§ Directions: Provide a character-exact reproduction of the lines from the line with "of a semibounded" to the end of the entries.

§ Dataset items:
#####

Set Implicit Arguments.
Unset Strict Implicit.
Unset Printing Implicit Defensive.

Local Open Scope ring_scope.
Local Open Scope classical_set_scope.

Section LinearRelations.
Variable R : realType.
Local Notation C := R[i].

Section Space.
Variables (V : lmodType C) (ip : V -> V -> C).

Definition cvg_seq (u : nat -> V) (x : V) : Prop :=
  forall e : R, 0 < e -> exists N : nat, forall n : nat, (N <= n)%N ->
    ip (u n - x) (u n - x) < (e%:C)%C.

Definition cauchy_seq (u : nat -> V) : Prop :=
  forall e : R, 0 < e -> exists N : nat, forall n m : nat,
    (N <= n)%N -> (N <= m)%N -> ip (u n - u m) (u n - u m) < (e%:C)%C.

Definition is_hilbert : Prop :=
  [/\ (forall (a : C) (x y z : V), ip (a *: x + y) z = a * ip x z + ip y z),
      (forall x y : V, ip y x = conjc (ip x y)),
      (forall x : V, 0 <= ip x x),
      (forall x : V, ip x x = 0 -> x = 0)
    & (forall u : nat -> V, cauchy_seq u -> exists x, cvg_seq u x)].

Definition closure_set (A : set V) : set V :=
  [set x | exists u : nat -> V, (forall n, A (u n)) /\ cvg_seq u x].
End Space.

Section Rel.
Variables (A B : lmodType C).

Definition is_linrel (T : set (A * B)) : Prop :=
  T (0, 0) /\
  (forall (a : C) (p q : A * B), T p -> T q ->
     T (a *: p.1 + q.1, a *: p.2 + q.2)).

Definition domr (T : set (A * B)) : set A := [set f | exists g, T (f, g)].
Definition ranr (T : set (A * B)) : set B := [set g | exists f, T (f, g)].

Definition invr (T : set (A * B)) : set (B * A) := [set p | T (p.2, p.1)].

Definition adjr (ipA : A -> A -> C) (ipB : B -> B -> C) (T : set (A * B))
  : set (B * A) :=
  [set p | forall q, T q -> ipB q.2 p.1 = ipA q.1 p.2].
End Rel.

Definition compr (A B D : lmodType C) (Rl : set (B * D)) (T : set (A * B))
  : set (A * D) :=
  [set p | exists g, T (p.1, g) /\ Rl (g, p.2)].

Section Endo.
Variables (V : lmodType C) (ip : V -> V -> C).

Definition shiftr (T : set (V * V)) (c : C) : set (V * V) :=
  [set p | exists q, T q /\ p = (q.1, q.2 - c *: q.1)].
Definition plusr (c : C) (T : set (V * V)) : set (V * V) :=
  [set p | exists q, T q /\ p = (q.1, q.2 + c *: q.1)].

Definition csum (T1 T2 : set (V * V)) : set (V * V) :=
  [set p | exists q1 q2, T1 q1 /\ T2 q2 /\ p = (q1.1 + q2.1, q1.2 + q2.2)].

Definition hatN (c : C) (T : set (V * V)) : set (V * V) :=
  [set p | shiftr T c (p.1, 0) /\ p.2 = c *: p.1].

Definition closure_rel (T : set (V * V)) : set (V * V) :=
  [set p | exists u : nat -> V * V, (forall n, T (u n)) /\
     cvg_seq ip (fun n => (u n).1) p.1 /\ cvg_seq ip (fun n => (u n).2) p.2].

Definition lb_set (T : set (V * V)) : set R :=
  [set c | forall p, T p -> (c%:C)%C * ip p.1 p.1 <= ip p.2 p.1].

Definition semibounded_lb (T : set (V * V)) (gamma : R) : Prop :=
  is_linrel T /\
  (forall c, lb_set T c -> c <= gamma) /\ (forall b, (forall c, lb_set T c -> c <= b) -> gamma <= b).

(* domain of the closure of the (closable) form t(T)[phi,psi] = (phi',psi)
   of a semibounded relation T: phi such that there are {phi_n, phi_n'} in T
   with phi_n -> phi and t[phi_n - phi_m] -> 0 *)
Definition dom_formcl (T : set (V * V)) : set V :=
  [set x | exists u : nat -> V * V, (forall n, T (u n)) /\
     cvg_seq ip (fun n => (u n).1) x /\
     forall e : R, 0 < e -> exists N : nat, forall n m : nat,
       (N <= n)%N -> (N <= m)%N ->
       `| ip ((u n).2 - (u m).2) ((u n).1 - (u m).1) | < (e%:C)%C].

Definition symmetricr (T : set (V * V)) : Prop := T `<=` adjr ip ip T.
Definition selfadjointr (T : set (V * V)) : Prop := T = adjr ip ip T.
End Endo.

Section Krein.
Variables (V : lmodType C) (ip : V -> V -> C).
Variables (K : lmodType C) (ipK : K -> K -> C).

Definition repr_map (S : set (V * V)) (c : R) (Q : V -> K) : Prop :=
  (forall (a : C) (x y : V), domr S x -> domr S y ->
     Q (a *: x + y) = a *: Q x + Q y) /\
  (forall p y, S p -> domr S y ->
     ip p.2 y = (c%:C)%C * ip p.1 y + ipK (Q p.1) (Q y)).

#####

§ Exercise result:
   of a semibounded relation T: phi such that there are {phi_n, phi_n'} in T
   with phi_n -> phi and t[phi_n - phi_m] -> 0 *)
Definition dom_formcl (T : set (V * V)) : set V :=
  [set x | exists u : nat -> V * V, (forall n, T (u n)) /\
     cvg_seq ip (fun n => (u n).1) x /\
     forall e : R, 0 < e -> exists N : nat, forall n m : nat,
       (N <= n)%N -> (N <= m)%N ->
       `| ip ((u n).2 - (u m).2) ((u n).1 - (u m).1) | < (e%:C)%C].

Definition symmetricr (T : set (V * V)) : Prop := T `<=` adjr ip ip T.
Definition selfadjointr (T : set (V * V)) : Prop := T = adjr ip ip T.
End Endo.

Section Krein.
Variables (V : lmodType C) (ip : V -> V -> C).
Variables (K : lmodType C) (ipK : K -> K -> C).

Definition repr_map (S : set (V * V)) (c : R) (Q : V -> K) : Prop :=
  (forall (a : C) (x y : V), domr S x -> domr S y ->
     Q (a *: x + y) = a *: Q x + Q y) /\
  (forall p y, S p -> domr S y ->
     ip p.2 y = (c%:C)%C * ip p.1 y + ipK (Q p.1) (Q y)).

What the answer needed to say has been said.